§ **Required action**:
Copy every record below exactly as it stands.

::: Task data :::

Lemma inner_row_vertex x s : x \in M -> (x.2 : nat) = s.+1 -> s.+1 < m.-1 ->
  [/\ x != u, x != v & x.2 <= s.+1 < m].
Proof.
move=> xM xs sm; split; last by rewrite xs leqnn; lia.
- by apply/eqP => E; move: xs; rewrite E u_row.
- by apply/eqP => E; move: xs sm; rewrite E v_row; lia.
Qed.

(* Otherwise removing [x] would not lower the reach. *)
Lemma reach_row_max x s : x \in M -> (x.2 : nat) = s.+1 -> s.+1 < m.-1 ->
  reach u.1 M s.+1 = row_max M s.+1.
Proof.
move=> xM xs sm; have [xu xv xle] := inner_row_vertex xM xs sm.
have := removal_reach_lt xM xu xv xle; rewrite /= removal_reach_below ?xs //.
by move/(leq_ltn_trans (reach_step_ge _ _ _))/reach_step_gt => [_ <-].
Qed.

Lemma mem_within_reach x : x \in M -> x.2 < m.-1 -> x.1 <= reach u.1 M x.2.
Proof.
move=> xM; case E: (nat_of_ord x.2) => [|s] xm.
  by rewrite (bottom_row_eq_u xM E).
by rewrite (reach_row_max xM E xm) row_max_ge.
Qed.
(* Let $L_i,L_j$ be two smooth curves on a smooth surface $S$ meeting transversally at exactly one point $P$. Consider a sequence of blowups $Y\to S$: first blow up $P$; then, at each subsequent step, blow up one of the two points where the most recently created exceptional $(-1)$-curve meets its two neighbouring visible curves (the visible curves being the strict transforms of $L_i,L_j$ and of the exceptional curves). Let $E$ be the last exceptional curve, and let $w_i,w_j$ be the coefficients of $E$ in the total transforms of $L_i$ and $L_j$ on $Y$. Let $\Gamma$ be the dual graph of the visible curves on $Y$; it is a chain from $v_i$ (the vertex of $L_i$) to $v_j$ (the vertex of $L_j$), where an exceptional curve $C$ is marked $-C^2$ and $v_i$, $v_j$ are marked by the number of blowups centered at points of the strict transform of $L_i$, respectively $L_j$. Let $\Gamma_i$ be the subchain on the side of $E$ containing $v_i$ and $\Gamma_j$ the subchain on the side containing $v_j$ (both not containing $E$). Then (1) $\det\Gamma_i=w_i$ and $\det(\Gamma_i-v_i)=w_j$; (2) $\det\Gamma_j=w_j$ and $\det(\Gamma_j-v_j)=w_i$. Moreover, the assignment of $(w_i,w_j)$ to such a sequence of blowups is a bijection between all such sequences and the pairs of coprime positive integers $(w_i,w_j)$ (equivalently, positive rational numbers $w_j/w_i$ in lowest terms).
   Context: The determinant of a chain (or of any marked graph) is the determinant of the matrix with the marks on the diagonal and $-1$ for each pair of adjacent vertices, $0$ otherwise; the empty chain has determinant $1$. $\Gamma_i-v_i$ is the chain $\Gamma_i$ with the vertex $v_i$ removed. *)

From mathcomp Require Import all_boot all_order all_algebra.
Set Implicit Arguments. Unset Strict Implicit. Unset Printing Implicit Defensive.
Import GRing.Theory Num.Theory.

:::

§ **Output below**:
Lemma inner_row_vertex x s : x \in M -> (x.2 : nat) = s.+1 -> s.+1 < m.-1 ->
  [/\ x != u, x != v & x.2 <= s.+1 < m].
Proof.
move=> xM xs sm; split; last by rewrite xs leqnn; lia.
- by apply/eqP => E; move: xs; rewrite E u_row.
- by apply/eqP => E; move: xs sm; rewrite E v_row; lia.
Qed.

(* Otherwise removing [x] would not lower the reach. *)
Lemma reach_row_max x s : x \in M -> (x.2 : nat) = s.+1 -> s.+1 < m.-1 ->
  reach u.1 M s.+1 = row_max M s.+1.
Proof.
move=> xM xs sm; have [xu xv xle] := inner_row_vertex xM xs sm.
have := removal_reach_lt xM xu xv xle; rewrite /= removal_reach_below ?xs //.
by move/(leq_ltn_trans (reach_step_ge _ _ _))/reach_step_gt => [_ <-].
Qed.

Lemma mem_within_reach x : x \in M -> x.2 < m.-1 -> x.1 <= reach u.1 M x.2.
Proof.
move=> xM; case E: (nat_of_ord x.2) => [|s] xm.
  by rewrite (bottom_row_eq_u xM E).
by rewrite (reach_row_max xM E xm) row_max_ge.
Qed.
(* Let $L_i,L_j$ be two smooth curves on a smooth surface $S$ meeting transversally at exactly one point $P$. Consider a sequence of blowups $Y\to S$: first blow up $P$; then, at each subsequent step, blow up one of the two points where the most recently created exceptional $(-1)$-curve meets its two neighbouring visible curves (the visible curves being the strict transforms of $L_i,L_j$ and of the exceptional curves). Let $E$ be the last exceptional curve, and let $w_i,w_j$ be the coefficients of $E$ in the total transforms of $L_i$ and $L_j$ on $Y$. Let $\Gamma$ be the dual graph of the visible curves on $Y$; it is a chain from $v_i$ (the vertex of $L_i$) to $v_j$ (the vertex of $L_j$), where an exceptional curve $C$ is marked $-C^2$ and $v_i$, $v_j$ are marked by the number of blowups centered at points of the strict transform of $L_i$, respectively $L_j$. Let $\Gamma_i$ be the subchain on the side of $E$ containing $v_i$ and $\Gamma_j$ the subchain on the side containing $v_j$ (both not containing $E$). Then (1) $\det\Gamma_i=w_i$ and $\det(\Gamma_i-v_i)=w_j$; (2) $\det\Gamma_j=w_j$ and $\det(\Gamma_j-v_j)=w_i$. Moreover, the assignment of $(w_i,w_j)$ to such a sequence of blowups is a bijection between all such sequences and the pairs of coprime positive integers $(w_i,w_j)$ (equivalently, positive rational numbers $w_j/w_i$ in lowest terms).
   Context: The determinant of a chain (or of any marked graph) is the determinant of the matrix with the marks on the diagonal and $-1$ for each pair of adjacent vertices, $0$ otherwise; the empty chain has determinant $1$. $\Gamma_i-v_i$ is the chain $\Gamma_i$ with the vertex $v_i$ removed. *)

From mathcomp Require Import all_boot all_order all_algebra.
Set Implicit Arguments. Unset Strict Implicit. Unset Printing Implicit Defensive.
Import GRing.Theory Num.Theory.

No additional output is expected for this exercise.